Lemma Gfull_reframe (i j : cone) : adjacent R L i j ->
  Gfull R L g' Th' i j =
  reframe (diagf (c i)) (diagf (c j)) (Gfull R L g Th i j).
Proof.
case=> t wall_ij; rewrite /Gfull; case: ltnP => [|le_ji].
  exact: Gmat_reframe wall_ij.
have [mi mj neq_ij _ _] := wall_ij.
have lt_ji : (j < i)%N.
  by rewrite ltn_neqAle le_ji andbT; apply: contra_not_neq neq_ij => /val_inj.
have wall_ji := wall_sym wall_ij.
by rewrite (Gmat_reframe wall_ji) // reframe_invmx ?unitmx_frame ?(Gmat_unitmx wall_ji).
Qed.

Lemma chain_mx_reframe (i0 : cone) sq :
  (forall k, k \in i0 :: sq -> maxc R L k) -> adj_chain R L i0 sq ->
  chain_mx R L g' Th' i0 sq =
  reframe (diagf (c i0)) (diagf (c (last i0 sq))) (chain_mx R L g Th i0 sq).
Proof.
elim: sq i0 => [|k sq IHsq] i0 max_chain /=.
  by move=> _; rewrite reframe1 // unitmx_frame //; apply/max_chain/mem_head.
case=> adj_i0k adj_sq; rewrite Gfull_reframe // IHsq // => [|k' k'_in]; last first.
  by apply: max_chain; rewrite inE k'_in orbT.
by rewrite reframeM // unitmx_frame //; apply: max_chain; rewrite !inE eqxx orbT.
Qed.

Lemma consistent_reframe : consistent R L g' Th'.
Proof.
move=> w i0 sq cones_ok adj_sq last_i0.
have [mi0 _] := cones_ok i0 (mem_head _ _).
rewrite chain_mx_reframe // => [|k /cones_ok[]//].
by rewrite (Th_consistent cones_ok) // last_i0 reframe1 ?unitmx_frame.
Qed.

Lemma wc_collection_reframe : wc_collection R L Th -> wc_collection R L Th'.
Proof.
move=> wc_Th t i j wall_ij lt_ij; have [mi _ _ _ _] := wall_ij.
apply: wc_matrix_reframe_diagf (wc_Th _ _ _ wall_ij lt_ij) => a.
exact: c_neq0.
Qed.

Lemma bundle_iso_reframe : bundle_iso R L g Th g' Th'.
Proof.
exists (fun i => diagf (c i)); split=> [i mi | t i j wall_ij lt_ij].
  have ci_neq0 a : c i a != 0 by apply: c_neq0.
  split; [exact: unitmx_frame | exact: regular_on_diag |].
  by rewrite invmx_diagf //; apply: regular_on_diag.
have [mi _ _ _ _] := wall_ij.
by rewrite (Gmat_reframe wall_ij) // mulmx_reframe ?unitmx_frame.
Qed.

End Multisection.

Theorem proposition4p19 (R : realType) (n r : nat) (L : TLMS n r)
    (g : 'I_(nS L) -> 'I_(nS L) -> 'I_r -> C R)
    (Th : 'I_(nS L) -> 'I_(nS L) -> 'M[C R]_r) :
  is_TLMS R L -> comb_indec_conseq R L -> unobstructed R L ->
  local_system R L g -> wc_collection R L Th -> consistent R L g Th ->
  forall g' : 'I_(nS L) -> 'I_(nS L) -> 'I_r -> C R,
    local_system R L g' -> ls_iso R L g g' ->
    exists Th' : 'I_(nS L) -> 'I_(nS L) -> 'M[C R]_r,
      [/\ wc_collection R L Th', consistent R L g' Th'
        & bundle_iso R L g Th g' Th'].
Proof.
move=> L_TLMS _ _ _ wc_Th Th_consistent g' _ [c [c_neq0 g'_eq]].
exists (Th_reframed Th c); split.
- exact: (wc_collection_reframe c_neq0 wc_Th).
- exact: (consistent_reframe L_TLMS Th_consistent c_neq0 g'_eq).
- exact: (bundle_iso_reframe Th c_neq0 g'_eq).
Qed.
Lemma solvesSys_interior_unique (G : S -> S -> R) :
  solvesSys P Gam pi Ci Cb G -> forall s, interiorC' s -> G s s' = HH s s'.
Proof.
move=> [G_int _]; have [H_int _] := Hcond_solvesSys.
have [g [g_ge0 g_lt1 Gam_le_g]] :
    exists g, [/\ 0 <= g, g < 1 & forall x : S * A * S, Gam x.1.1 x.1.2 x.2 <= g].
  by apply: uniform_lt1_bound => x; case/andP: (HGam x.1.1 x.1.2 x.2).
pose Q s y := if interiorC' s && interiorC' y then
                \sum_a Ph s' s a y * Gam s a y else 0.
have Q_ge0 s y : 0 <= Q s y.
  rewrite /Q; case: ifP => // /andP[Is Iy]; apply: sumr_ge0 => a _.
  by apply: mulr_ge0; [apply: Ph_ge0 | case/andP: (HGam s a y) => /ltW].
have Q_rows s : interiorC' s -> \sum_(y | interiorC' y) Q s y <= g.
  move=> Is; apply: (@le_trans _ _ (g * \sum_(y | interiorC' y) \sum_a Ph s' s a y)).
    rewrite big_distrr; apply: ler_sum => y Iy; rewrite /Q Is Iy big_distrr.
    apply: ler_sum => a _; rewrite mulrC; apply: ler_wpM2r; first exact: Ph_ge0.
    exact: (Gam_le_g (s, a, y)).
  by rewrite -[X in _ <= X]mulr1; apply: ler_wpM2l => //; apply: sum_Ph_le1.
have diff_fix s : interiorC' s -> G s s' - HH s s' =
    \sum_(y | interiorC' y) Q s y * (G y s' - HH y s').
  move=> Is; have /andP[si cp] := Is.
  rewrite (G_int s s' bs' si cp) (H_int s s' bs' si cp).
  rewrite /sysRHS opprD addrACA subrr addr0 -sumrB; apply: eq_bigr => y Iy.
  rewrite /Q ifT ?Is // big_distrl -sumrB /=.
  by apply: eq_bigr => a _; rewrite -mulrBr.
move=> s Is; apply/eqP; rewrite -subr_eq0; apply/eqP.
exact: contraction_fixpoint_eq0 g_ge0 g_lt1 Q_ge0 Q_rows diff_fix s Is.
Qed.

End Interior.

Lemma Hcond_minimal (G : S -> S -> R) :
  solvesSys P Gam pi Ci Cb G -> forall s s', sysDom P Gam pi Ci Cb s s' ->
  HH s s' <= G s s'.
Proof.
move=> G_sol s s' /andP[bs' /orP[/andP[si cp] | sp]].
  by rewrite (solvesSys_interior_unique bs' G_sol) //; apply/andP.
have [_ H_bd] := Hcond_solvesSys; have [_ G_bd] := G_sol.
rewrite (H_bd s s' sp) (G_bd s s' sp) /sysRHS lerD2r.
apply: ler_sum => y Iy; apply: ler_sum => a _.
by rewrite (solvesSys_interior_unique bs' G_sol).
Qed.

End FirstHit.
Definition Qmat (R : realType) (n m p : nat) (eta r s : R)
  (JX : 'M[R]_(p, n)) (JY : 'M[R]_(p, m)) : 'M[R]_(n + m + p) :=
  block_mx (block_mx (r%:M) 0 0 (r%:M)) (- eta^-1 *: col_mx JX^T JY^T)
           0 (s%:M).

Definition Hmat (R : realType) (n m p : nat) (r s : R) : 'M[R]_(n + m + p) :=
  block_mx (block_mx (r%:M) 0 0 (r%:M)) 0 0 (s%:M).

Definition Gmat (R : realType) (n m p : nat) (eta r s : R)
  (JX : 'M[R]_(p, n)) (JY : 'M[R]_(p, m)) : 'M[R]_(n + m + p) :=
  block_mx (block_mx (r%:M) 0 0 (r%:M)) 0 0
    (s%:M - (eta ^+ 2 * r)^-1 *: (JX *m JX^T + JY *m JY^T)).

From HB Require Import structures.
From mathcomp Require Import all_boot all_order all_algebra.
From mathcomp Require Import all_classical all_reals all_analysis.
From mathcomp Require Import ring lra.
Import Order.TTheory GRing.Theory Num.Theory.
Import numFieldNormedType.Exports.
Local Open Scope classical_set_scope.
Local Open Scope ring_scope.
Set Implicit Arguments. Unset Strict Implicit. Unset Printing Implicit Defensive.

(* With Q_k = H_k M_k and H_k symmetric, the correction w^{k+1} = w^k - M_k (w^k - wbar^k)
   turns the right-hand side, by polarization, into exactly
   (w - wbar^k)^T Q_k (w^k - wbar^k).  Blockwise, the inequality then becomes the
   first-order optimality conditions of the two proximal subproblems, in which the
   constraint functions enter linearly through lambda^k and the difference
   lambda^k - lambdabar^k is compensated by the off-diagonal blocks of Q_k, together
   with the obtuse-angle property of the projection onto R^p_+ defining lambdabar^k.
   G_k is block diagonal, and its last block is positive definite because
   ||DPhi||^2 + ||DPsi||^2 = R(ubar^k) is strictly smaller than mu R(ubar^k). *)

Section InnerProduct.
Variable R : realType.

Definition dot k (a b : 'cV[R]_k) : R := (a^T *m b) 0 0.

Lemma dotE k (a b : 'cV[R]_k) : dot a b = \sum_i a i 0 * b i 0.
Proof. by rewrite /dot !mxE; apply: eq_bigr => i _; rewrite mxE. Qed.

Lemma dotC k (a b : 'cV[R]_k) : dot a b = dot b a.
Proof. by rewrite !dotE; apply: eq_bigr => i _; rewrite mulrC. Qed.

══════════════════════════════

§ Required work
In the material above, find the line containing "From mathcomp Require Import all_boot" and the line containing "Proof. by rewrite /dot", then write out exactly those two lines and every line between them, and nothing more.

§ Solution below
From mathcomp Require Import all_boot all_order all_algebra.
From mathcomp Require Import all_classical all_reals all_analysis.
From mathcomp Require Import ring lra.
Import Order.TTheory GRing.Theory Num.Theory.
Import numFieldNormedType.Exports.
Local Open Scope classical_set_scope.
Local Open Scope ring_scope.
Set Implicit Arguments. Unset Strict Implicit. Unset Printing Implicit Defensive.

(* With Q_k = H_k M_k and H_k symmetric, the correction w^{k+1} = w^k - M_k (w^k - wbar^k)
   turns the right-hand side, by polarization, into exactly
   (w - wbar^k)^T Q_k (w^k - wbar^k).  Blockwise, the inequality then becomes the
   first-order optimality conditions of the two proximal subproblems, in which the
   constraint functions enter linearly through lambda^k and the difference
   lambda^k - lambdabar^k is compensated by the off-diagonal blocks of Q_k, together
   with the obtuse-angle property of the projection onto R^p_+ defining lambdabar^k.
   G_k is block diagonal, and its last block is positive definite because
   ||DPhi||^2 + ||DPsi||^2 = R(ubar^k) is strictly smaller than mu R(ubar^k). *)

Section InnerProduct.
Variable R : realType.

Definition dot k (a b : 'cV[R]_k) : R := (a^T *m b) 0 0.

Lemma dotE k (a b : 'cV[R]_k) : dot a b = \sum_i a i 0 * b i 0.
Proof. by rewrite /dot !mxE; apply: eq_bigr => i _; rewrite mxE. Qed.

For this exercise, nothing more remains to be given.